The iPhone assault continues

The absence of a Micro SD slot is a bit odd for a GPS-equipped handset when so many navigation software packages come on memory cards and are sold under the premise of plug in and away you go. We have little doubt you could copy the data and applications across onto the Diamond to the same effect, but that's hardly the point. Some folk are just not that technically clued up, and besides, who wants to eat into their media storage with navigation software and maps?

With the Diamond, HTC has finally seen fit to move on from the rather lacklustre screens fitted to its other handsets. The 2.8in, 480 x 620, 65,536-colour job on the Diamond is bright, clear and easily readable in even the strongest sunlight, something you couldn't really say of the the screens on the other Touch family handsets.

HTC Touch Diamond

The 2.8in, 480 x 620 display is bright, clear and easily readable

When all is said and done, though, the Diamond is frankly less about what it does than how it does it. The big idea on this device is the TouchFlo 3D control interface, HTC's latest effort to keep its users beyond the clammy and odious grip of the underlying Windows Mobile UI.
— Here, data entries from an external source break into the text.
(* For every positive integer $n$, the number of circular permutations of $[n]=\{1,2,\ldots,n\}$ that avoid the pattern $1324$ equals the Fibonacci number $F_{2n-3}$.
   Context: A circular permutation of $[n]$ is an arrangement of $1,2,\ldots,n$ clockwise around a circle, two arrangements being identified if they differ by a rotation. Equivalently, it can be represented uniquely as a linear permutation $\pi_1\pi_2\cdots\pi_n$ of $[n]$ with $\pi_n=n$, whose rotations $\pi_i\pi_{i+1}\cdots\pi_n\pi_1\cdots\pi_{i-1}$ all represent the same circular permutation. The reduced form of a sequence of distinct positive integers is obtained by replacing its smallest entry by $1$, its next smallest by $2$, and so on; a pattern is such a reduced form. An occurrence of a pattern $\tau$ of length $m$ in a circular permutation $\pi$ is a sequence of $m$ letters of $\pi$ read in clockwise order and lying within one revolution (i.e., a subsequence of some rotation of the linear representation) whose reduced form is $\tau$; $\pi$ avoids $\tau$ if it has no occurrence of $\tau$. Fibonacci numbers: $F_1=F_2=1$, $F_{m+1}=F_m+F_{m-1}$, extended to negative index by the same recurrence, so $F_{-1}=1$. *)

From mathcomp Require Import all_boot all_order all_algebra.
Set Implicit Arguments. Unset Strict Implicit. Unset Printing Implicit Defensive.

Fixpoint fib (m : nat) : nat :=
  match m with
  | 0 => 0
  | 1 => 1
  | (m'.+1 as k).+1 => fib k + fib m'
  end.

(* Extension to integer indices by the same recurrence:
   F_{-k} = (-1)^(k+1) F_k.  Negz m stands for -(m+1). *)
Definition fibz (z : int) : int :=
  match z with
  | Posz m => (fib m)%:Z
  | Negz m => ((-1) ^+ m * (fib m.+1)%:Z)%R
  end.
It has done a pretty good job. What you have is a home page and nine other screens that swipe one to the next allowing you access to your contacts, texts, email, web browser, pictures and videos, music, the weather, settings and programs. Each screen shares a common background and comes with it's own rather funky graphics.

At the bottom of the screen sits a row of ten menu tabs, one for each screen though only five show at any one time. Below, sit two soft-menu buttons. Together, all these controls give you can access to most functions. The majority of subsidiary menus are rendered at a finger friendly scale so you have to drill pretty deep to come across those annoyingly small and fiddly Window's menus that require the stylus.

Though the home page's faux electric clock is a nice bit of design, it's the weather screen that is really TouchFlo 3D's poster child, with its clouds, rain and even a virtual windscreen wiper. Yes, the wiper's wholly pointless but we have yet to find anyone who wasn't at least slightly amused by it.